• Records for processing:

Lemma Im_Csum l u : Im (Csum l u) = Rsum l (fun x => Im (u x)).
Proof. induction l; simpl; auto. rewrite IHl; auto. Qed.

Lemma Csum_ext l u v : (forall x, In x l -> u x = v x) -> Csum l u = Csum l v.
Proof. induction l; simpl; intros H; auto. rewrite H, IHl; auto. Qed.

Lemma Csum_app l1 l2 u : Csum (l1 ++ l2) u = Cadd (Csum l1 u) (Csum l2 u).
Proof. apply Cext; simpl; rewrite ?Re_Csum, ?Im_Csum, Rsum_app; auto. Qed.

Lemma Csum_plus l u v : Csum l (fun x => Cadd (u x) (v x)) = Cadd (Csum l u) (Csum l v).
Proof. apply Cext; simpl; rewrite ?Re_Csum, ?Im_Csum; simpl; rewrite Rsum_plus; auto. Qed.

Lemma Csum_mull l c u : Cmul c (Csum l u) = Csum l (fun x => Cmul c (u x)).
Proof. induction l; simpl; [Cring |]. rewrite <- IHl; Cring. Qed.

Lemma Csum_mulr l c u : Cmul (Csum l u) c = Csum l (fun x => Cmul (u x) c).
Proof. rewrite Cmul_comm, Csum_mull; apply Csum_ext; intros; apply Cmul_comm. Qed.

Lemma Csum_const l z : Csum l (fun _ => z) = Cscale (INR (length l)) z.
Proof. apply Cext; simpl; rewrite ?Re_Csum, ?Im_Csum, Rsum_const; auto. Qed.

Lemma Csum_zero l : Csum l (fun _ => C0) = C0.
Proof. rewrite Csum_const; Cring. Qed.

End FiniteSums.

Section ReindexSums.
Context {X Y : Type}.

==

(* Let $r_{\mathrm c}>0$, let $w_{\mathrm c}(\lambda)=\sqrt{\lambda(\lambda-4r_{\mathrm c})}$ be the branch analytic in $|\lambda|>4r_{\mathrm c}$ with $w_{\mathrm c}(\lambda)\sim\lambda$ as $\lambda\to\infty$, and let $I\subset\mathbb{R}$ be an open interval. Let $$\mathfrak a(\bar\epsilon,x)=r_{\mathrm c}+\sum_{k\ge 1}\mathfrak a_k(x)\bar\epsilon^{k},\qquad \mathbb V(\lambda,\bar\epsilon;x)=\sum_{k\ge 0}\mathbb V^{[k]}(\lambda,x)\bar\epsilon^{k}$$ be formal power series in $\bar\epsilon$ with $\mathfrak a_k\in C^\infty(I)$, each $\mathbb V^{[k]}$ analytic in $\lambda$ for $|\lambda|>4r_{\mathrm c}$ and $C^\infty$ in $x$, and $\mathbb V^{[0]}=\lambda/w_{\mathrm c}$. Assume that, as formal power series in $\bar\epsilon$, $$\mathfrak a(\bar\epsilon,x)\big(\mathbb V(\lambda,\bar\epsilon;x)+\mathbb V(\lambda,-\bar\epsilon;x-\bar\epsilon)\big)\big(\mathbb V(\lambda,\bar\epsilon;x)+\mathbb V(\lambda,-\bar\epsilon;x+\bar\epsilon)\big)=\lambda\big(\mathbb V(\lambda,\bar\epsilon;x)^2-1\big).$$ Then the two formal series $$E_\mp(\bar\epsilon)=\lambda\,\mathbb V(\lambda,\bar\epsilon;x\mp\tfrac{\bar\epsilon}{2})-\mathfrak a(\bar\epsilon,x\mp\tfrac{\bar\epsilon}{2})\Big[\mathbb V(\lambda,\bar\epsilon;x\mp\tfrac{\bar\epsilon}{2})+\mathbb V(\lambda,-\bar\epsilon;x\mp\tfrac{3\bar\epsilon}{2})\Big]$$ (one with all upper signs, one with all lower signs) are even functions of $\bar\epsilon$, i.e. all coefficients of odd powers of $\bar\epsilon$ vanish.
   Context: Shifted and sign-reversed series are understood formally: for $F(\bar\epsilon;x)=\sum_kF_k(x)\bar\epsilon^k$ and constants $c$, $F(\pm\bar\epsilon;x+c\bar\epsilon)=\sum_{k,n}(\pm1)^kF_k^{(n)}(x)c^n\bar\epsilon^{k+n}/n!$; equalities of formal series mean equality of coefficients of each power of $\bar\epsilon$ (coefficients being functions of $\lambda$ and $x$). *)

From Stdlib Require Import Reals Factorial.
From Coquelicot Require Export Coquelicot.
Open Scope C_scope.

• Work instruction: From the records above, transcribe exactly the run of lines that opens with the line holding "From Coquelicot Require Export Coquelicot." and closes with the line holding "Open Scope C_scope.", both included.

• Exercise output:
From Coquelicot Require Export Coquelicot.
Open Scope C_scope.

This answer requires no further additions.